◆ **EXERCISE AIM**
After locating the line with "by have := ltn_ord" in the data that follows, return it and every later line exactly, up to and including the line with "by apply/imset2P; exists x y.".

◆ **SOURCE DATA**
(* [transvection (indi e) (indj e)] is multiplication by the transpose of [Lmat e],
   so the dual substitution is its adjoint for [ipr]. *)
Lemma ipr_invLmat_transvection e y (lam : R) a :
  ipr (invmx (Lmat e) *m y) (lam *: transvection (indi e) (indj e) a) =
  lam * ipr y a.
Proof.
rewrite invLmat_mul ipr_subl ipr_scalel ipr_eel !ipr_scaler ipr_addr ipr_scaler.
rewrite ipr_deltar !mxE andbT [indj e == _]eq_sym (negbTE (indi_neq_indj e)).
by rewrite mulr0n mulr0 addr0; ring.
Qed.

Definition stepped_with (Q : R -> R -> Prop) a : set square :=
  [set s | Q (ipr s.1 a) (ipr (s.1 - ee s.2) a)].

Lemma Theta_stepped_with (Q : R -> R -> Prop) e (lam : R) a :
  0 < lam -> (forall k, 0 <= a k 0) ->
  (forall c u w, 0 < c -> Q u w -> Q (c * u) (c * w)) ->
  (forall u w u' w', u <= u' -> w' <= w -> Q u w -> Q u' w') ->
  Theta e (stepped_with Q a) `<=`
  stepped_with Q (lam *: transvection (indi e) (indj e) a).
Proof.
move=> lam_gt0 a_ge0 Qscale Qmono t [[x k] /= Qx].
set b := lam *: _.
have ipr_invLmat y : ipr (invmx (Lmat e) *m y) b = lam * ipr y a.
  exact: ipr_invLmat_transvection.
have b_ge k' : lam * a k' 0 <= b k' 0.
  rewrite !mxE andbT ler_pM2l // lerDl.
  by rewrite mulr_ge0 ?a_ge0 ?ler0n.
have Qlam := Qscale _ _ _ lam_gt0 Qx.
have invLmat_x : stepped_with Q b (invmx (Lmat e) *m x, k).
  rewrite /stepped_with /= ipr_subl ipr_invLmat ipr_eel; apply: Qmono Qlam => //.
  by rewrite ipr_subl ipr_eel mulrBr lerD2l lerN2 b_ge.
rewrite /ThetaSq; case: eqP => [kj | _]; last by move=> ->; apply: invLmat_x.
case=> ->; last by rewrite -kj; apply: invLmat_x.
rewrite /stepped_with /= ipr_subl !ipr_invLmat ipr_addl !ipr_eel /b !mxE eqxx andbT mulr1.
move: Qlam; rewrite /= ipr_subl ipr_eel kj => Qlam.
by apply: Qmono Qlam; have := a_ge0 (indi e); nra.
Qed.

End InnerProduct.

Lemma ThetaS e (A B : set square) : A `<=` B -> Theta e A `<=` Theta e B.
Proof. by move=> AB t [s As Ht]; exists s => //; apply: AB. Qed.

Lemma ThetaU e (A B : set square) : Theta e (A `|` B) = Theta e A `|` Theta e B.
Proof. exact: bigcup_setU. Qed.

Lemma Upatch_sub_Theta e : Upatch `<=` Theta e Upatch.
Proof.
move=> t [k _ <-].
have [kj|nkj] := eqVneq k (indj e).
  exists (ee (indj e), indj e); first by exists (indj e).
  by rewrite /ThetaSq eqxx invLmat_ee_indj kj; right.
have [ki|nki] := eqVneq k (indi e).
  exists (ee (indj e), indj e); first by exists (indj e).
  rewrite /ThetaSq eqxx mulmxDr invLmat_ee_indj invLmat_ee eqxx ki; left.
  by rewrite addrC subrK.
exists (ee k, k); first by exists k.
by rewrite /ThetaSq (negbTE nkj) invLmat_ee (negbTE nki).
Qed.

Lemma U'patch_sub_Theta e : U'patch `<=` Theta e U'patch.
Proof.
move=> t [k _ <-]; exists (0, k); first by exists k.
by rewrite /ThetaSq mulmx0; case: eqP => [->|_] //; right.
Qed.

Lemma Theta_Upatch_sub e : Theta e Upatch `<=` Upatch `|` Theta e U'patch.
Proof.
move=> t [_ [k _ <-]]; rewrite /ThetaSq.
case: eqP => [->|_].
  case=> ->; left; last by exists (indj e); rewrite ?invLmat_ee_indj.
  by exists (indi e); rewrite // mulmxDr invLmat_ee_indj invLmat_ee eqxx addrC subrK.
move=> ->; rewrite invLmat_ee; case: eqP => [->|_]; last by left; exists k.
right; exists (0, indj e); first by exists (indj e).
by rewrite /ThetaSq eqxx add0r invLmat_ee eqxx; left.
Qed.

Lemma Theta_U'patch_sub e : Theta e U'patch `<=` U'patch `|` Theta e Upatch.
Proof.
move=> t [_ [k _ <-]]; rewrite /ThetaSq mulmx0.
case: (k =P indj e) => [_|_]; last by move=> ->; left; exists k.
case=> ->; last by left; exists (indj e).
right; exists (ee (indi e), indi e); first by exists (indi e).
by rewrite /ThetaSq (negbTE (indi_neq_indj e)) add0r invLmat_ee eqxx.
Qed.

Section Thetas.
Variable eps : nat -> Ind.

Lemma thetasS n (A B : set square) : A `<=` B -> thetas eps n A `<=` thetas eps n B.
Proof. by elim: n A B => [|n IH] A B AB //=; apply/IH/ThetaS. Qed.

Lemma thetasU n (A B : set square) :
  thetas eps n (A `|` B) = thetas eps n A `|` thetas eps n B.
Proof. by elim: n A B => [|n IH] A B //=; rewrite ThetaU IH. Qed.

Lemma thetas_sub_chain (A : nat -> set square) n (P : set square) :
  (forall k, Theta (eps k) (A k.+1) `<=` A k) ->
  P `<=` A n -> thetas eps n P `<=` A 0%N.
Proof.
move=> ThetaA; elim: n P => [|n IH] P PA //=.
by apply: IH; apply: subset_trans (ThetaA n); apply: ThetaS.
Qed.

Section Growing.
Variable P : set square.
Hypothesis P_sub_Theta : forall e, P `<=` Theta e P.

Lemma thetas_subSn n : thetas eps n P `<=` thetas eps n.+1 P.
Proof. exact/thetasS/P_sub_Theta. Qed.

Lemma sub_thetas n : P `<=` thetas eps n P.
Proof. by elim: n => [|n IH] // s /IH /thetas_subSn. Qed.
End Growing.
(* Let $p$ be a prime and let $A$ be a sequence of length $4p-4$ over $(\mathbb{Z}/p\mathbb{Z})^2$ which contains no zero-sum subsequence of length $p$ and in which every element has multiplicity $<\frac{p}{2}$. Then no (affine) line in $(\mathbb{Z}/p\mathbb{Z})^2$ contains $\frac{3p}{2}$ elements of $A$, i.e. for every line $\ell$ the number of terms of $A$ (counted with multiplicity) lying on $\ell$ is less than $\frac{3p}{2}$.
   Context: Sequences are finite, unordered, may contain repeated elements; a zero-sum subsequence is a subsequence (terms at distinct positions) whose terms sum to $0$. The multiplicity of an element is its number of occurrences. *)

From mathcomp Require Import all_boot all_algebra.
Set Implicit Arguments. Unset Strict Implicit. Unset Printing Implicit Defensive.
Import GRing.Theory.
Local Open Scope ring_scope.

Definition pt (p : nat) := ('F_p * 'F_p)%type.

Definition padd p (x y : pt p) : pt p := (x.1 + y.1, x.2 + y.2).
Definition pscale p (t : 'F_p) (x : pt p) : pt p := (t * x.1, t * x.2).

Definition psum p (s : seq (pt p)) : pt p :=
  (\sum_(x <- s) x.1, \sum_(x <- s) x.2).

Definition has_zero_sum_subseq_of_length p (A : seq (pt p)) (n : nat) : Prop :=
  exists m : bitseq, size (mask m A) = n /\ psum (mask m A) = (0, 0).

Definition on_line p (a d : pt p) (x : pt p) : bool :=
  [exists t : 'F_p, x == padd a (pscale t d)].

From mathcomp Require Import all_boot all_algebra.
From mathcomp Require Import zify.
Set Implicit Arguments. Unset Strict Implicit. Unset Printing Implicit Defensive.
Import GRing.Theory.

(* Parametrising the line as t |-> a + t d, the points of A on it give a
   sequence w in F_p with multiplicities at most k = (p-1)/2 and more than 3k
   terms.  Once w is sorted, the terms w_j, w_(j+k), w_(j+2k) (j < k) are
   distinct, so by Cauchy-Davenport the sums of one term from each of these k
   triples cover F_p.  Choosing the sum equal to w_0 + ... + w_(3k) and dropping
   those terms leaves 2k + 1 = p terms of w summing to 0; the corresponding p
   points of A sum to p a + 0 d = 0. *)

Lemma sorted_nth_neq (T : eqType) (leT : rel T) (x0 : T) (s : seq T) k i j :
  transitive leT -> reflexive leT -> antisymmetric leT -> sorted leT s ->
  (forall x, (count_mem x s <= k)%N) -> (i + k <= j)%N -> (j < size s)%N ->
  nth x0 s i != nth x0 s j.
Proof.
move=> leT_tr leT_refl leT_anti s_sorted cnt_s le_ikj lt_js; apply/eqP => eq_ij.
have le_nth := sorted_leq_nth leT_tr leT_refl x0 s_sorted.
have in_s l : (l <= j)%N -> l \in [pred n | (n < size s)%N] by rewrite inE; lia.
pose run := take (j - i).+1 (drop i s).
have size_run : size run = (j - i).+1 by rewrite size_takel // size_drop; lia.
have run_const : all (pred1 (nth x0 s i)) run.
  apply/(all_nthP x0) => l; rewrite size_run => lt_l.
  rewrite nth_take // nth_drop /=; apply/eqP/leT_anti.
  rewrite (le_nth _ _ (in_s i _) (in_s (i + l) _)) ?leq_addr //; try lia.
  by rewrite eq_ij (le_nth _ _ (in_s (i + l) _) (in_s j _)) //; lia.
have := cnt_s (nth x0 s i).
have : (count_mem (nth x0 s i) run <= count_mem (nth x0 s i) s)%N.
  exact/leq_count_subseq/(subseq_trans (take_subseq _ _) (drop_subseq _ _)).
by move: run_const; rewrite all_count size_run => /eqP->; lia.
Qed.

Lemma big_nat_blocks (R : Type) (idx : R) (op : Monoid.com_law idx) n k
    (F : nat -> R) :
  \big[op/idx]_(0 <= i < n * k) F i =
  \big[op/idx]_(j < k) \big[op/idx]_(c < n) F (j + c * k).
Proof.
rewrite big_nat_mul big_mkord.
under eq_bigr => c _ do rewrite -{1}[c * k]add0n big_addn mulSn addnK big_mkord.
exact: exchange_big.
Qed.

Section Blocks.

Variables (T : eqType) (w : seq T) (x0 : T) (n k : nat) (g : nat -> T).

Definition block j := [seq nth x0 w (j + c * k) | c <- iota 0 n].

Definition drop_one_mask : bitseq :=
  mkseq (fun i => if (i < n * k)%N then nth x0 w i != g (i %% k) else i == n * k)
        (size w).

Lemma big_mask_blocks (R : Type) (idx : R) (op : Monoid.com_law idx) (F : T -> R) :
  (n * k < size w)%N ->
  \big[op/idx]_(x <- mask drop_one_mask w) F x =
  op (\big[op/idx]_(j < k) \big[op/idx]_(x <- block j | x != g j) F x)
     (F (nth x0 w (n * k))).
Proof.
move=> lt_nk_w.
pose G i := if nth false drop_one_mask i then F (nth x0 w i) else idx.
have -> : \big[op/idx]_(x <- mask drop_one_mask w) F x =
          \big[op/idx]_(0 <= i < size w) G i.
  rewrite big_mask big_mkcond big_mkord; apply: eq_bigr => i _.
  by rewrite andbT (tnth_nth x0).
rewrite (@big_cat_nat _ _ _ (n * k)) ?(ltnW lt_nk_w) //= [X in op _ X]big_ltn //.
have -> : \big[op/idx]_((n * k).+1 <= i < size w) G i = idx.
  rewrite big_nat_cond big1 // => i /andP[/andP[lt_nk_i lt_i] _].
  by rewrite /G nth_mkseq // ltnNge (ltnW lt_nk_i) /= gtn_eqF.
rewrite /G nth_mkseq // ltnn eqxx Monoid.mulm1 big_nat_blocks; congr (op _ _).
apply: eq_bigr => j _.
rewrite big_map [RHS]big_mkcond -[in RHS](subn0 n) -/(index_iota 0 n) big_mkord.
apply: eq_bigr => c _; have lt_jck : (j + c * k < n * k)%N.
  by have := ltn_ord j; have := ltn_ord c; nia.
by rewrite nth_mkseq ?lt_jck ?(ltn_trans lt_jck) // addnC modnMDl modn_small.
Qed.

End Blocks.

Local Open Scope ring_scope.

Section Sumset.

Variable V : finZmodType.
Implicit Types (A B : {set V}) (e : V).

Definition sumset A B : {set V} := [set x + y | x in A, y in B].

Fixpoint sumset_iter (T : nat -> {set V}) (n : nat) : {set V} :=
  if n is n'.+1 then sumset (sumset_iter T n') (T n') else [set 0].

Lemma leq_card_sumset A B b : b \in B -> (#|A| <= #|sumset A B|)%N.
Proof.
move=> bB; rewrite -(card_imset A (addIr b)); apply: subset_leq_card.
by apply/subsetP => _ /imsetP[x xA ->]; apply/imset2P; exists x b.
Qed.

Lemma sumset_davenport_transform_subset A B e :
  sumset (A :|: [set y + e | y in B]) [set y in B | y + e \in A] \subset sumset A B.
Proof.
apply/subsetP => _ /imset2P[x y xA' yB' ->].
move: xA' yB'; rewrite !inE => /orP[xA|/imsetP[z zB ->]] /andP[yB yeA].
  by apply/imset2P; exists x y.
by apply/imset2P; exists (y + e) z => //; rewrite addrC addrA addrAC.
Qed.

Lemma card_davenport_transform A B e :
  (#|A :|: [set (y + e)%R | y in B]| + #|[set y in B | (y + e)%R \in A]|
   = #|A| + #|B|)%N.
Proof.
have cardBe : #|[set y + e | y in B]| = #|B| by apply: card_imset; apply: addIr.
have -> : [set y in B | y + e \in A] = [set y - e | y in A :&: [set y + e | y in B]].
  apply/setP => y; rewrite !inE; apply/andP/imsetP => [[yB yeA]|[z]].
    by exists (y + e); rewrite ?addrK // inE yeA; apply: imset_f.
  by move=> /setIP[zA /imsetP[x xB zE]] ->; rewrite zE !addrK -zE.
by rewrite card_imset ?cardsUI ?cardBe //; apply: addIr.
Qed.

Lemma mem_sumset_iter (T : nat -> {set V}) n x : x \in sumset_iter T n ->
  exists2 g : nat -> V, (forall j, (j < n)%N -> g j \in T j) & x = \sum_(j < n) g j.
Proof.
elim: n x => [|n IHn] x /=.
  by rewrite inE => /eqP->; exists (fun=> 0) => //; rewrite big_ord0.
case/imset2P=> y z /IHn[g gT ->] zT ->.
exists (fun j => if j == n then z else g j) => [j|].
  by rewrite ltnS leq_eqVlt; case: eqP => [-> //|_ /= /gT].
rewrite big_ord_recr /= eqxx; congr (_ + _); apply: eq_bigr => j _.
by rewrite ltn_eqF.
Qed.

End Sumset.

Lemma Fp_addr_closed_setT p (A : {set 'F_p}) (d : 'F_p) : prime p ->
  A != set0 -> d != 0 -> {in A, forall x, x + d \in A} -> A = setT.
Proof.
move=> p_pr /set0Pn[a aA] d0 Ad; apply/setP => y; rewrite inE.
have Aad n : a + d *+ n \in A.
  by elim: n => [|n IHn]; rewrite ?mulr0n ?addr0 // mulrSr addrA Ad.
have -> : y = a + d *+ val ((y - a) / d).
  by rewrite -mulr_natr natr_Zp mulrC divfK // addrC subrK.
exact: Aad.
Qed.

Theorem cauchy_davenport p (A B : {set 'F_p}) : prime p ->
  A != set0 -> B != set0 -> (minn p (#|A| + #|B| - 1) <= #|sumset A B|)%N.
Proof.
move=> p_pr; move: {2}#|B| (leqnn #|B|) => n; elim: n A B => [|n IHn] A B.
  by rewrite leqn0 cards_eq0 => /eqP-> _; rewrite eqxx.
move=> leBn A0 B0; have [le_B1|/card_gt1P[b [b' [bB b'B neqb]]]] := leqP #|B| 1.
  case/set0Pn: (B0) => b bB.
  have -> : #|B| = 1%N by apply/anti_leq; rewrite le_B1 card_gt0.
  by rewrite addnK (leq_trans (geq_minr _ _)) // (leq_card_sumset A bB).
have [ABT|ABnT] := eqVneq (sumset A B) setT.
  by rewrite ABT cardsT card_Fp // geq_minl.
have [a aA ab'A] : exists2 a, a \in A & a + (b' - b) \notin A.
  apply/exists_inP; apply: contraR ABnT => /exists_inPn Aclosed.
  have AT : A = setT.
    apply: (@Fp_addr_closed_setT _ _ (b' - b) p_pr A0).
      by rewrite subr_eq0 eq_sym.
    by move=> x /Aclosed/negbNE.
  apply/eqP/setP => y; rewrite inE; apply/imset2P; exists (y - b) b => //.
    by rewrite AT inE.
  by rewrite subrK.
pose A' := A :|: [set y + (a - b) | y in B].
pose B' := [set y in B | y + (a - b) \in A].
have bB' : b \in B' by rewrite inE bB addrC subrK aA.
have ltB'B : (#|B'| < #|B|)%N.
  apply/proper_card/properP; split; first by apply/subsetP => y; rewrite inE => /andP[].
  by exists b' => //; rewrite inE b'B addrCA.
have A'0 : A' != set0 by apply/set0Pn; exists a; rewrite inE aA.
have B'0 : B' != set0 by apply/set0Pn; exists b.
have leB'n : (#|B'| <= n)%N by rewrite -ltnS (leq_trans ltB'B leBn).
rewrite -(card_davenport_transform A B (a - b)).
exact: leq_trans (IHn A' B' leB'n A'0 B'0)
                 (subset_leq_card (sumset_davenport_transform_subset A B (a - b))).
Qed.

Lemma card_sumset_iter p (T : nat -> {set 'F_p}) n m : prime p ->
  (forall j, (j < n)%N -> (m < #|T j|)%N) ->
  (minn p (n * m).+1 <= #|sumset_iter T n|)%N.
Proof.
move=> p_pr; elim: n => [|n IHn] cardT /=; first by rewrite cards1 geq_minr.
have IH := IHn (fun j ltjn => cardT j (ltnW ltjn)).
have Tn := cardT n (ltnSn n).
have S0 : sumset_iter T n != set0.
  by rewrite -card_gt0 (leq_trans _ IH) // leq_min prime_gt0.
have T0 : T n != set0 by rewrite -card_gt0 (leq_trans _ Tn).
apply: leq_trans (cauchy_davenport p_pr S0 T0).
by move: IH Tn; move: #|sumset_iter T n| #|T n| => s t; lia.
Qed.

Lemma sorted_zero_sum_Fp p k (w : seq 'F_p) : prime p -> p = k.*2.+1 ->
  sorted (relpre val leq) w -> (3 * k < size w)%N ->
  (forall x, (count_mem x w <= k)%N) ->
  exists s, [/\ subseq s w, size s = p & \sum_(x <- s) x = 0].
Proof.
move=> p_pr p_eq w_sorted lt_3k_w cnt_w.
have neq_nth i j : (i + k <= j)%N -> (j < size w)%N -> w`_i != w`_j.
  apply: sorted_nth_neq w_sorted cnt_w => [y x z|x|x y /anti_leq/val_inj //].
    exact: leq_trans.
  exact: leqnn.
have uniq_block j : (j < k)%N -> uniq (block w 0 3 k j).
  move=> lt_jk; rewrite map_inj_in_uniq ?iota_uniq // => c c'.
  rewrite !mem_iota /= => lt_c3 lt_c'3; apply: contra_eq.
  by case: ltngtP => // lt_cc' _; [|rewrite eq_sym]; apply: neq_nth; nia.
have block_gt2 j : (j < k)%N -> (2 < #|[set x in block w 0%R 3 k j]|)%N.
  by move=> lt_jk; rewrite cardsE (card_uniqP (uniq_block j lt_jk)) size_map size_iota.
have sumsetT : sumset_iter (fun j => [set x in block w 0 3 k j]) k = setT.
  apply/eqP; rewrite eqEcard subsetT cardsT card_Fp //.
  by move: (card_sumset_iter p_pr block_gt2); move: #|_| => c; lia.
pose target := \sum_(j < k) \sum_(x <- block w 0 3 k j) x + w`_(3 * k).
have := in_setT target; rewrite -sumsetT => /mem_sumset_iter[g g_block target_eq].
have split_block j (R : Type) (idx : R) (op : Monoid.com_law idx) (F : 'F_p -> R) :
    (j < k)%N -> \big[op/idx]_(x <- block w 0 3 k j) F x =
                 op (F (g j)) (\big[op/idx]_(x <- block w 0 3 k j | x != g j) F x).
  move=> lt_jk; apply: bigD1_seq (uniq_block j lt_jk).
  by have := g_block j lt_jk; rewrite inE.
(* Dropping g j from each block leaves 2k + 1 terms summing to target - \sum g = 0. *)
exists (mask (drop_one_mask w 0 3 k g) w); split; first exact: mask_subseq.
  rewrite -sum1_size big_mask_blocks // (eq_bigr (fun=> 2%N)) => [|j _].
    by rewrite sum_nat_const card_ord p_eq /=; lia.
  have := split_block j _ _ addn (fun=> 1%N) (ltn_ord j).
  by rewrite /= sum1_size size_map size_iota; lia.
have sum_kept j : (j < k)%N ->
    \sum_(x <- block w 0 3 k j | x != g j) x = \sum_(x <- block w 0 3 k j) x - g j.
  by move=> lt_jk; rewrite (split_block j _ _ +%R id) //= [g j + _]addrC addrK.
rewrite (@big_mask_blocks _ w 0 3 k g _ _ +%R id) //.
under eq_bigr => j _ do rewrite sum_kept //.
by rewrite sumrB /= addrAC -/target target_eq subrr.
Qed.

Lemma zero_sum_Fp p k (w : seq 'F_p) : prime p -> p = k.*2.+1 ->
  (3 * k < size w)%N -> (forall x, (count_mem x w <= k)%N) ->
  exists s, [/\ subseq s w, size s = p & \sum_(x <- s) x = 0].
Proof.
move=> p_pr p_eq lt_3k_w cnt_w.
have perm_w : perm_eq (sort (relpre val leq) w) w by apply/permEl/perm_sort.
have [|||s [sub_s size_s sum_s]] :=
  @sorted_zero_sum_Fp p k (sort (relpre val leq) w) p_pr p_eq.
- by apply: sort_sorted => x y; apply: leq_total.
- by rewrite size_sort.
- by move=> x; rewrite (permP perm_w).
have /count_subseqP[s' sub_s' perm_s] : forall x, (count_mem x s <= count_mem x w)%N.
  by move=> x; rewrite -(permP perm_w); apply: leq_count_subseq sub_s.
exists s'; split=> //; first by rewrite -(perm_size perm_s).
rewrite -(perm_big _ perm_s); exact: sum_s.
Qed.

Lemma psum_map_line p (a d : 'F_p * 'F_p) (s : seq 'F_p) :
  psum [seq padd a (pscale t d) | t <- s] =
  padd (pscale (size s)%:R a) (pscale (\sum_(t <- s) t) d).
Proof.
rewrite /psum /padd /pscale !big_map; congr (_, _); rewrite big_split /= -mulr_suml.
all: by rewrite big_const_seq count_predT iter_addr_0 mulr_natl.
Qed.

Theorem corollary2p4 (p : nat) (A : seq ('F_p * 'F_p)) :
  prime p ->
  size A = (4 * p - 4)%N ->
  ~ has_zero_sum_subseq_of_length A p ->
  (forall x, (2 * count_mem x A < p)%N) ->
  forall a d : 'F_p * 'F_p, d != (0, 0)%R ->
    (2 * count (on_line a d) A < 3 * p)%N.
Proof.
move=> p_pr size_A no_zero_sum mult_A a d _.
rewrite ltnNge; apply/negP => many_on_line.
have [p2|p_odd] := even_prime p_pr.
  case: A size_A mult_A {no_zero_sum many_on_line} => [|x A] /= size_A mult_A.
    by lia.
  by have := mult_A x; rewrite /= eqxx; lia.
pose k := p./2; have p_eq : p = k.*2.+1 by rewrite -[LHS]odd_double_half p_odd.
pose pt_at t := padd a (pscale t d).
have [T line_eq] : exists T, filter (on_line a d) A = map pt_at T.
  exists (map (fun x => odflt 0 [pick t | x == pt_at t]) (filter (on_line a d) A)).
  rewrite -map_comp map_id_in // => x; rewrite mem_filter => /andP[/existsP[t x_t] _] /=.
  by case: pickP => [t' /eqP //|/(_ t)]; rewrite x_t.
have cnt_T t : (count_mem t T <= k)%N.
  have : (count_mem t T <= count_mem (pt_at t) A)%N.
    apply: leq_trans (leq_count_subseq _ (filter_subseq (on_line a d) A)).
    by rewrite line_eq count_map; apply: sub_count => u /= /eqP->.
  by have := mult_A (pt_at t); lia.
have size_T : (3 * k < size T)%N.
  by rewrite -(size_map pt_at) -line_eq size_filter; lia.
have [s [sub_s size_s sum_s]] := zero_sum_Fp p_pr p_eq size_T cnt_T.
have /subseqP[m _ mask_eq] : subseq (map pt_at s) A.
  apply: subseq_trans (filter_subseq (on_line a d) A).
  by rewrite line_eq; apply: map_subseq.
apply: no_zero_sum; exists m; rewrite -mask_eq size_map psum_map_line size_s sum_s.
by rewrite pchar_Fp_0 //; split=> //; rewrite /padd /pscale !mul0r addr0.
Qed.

◆ **SOLUTION TO THIS PROBLEM**
  by have := ltn_ord j; have := ltn_ord c; nia.
by rewrite nth_mkseq ?lt_jck ?(ltn_trans lt_jck) // addnC modnMDl modn_small.
Qed.

End Blocks.

Local Open Scope ring_scope.

Section Sumset.

Variable V : finZmodType.
Implicit Types (A B : {set V}) (e : V).

Definition sumset A B : {set V} := [set x + y | x in A, y in B].

Fixpoint sumset_iter (T : nat -> {set V}) (n : nat) : {set V} :=
  if n is n'.+1 then sumset (sumset_iter T n') (T n') else [set 0].

Lemma leq_card_sumset A B b : b \in B -> (#|A| <= #|sumset A B|)%N.
Proof.
move=> bB; rewrite -(card_imset A (addIr b)); apply: subset_leq_card.
by apply/subsetP => _ /imsetP[x xA ->]; apply/imset2P; exists x b.
Qed.

Lemma sumset_davenport_transform_subset A B e :
  sumset (A :|: [set y + e | y in B]) [set y in B | y + e \in A] \subset sumset A B.
Proof.
apply/subsetP => _ /imset2P[x y xA' yB' ->].
move: xA' yB'; rewrite !inE => /orP[xA|/imsetP[z zB ->]] /andP[yB yeA].
  by apply/imset2P; exists x y.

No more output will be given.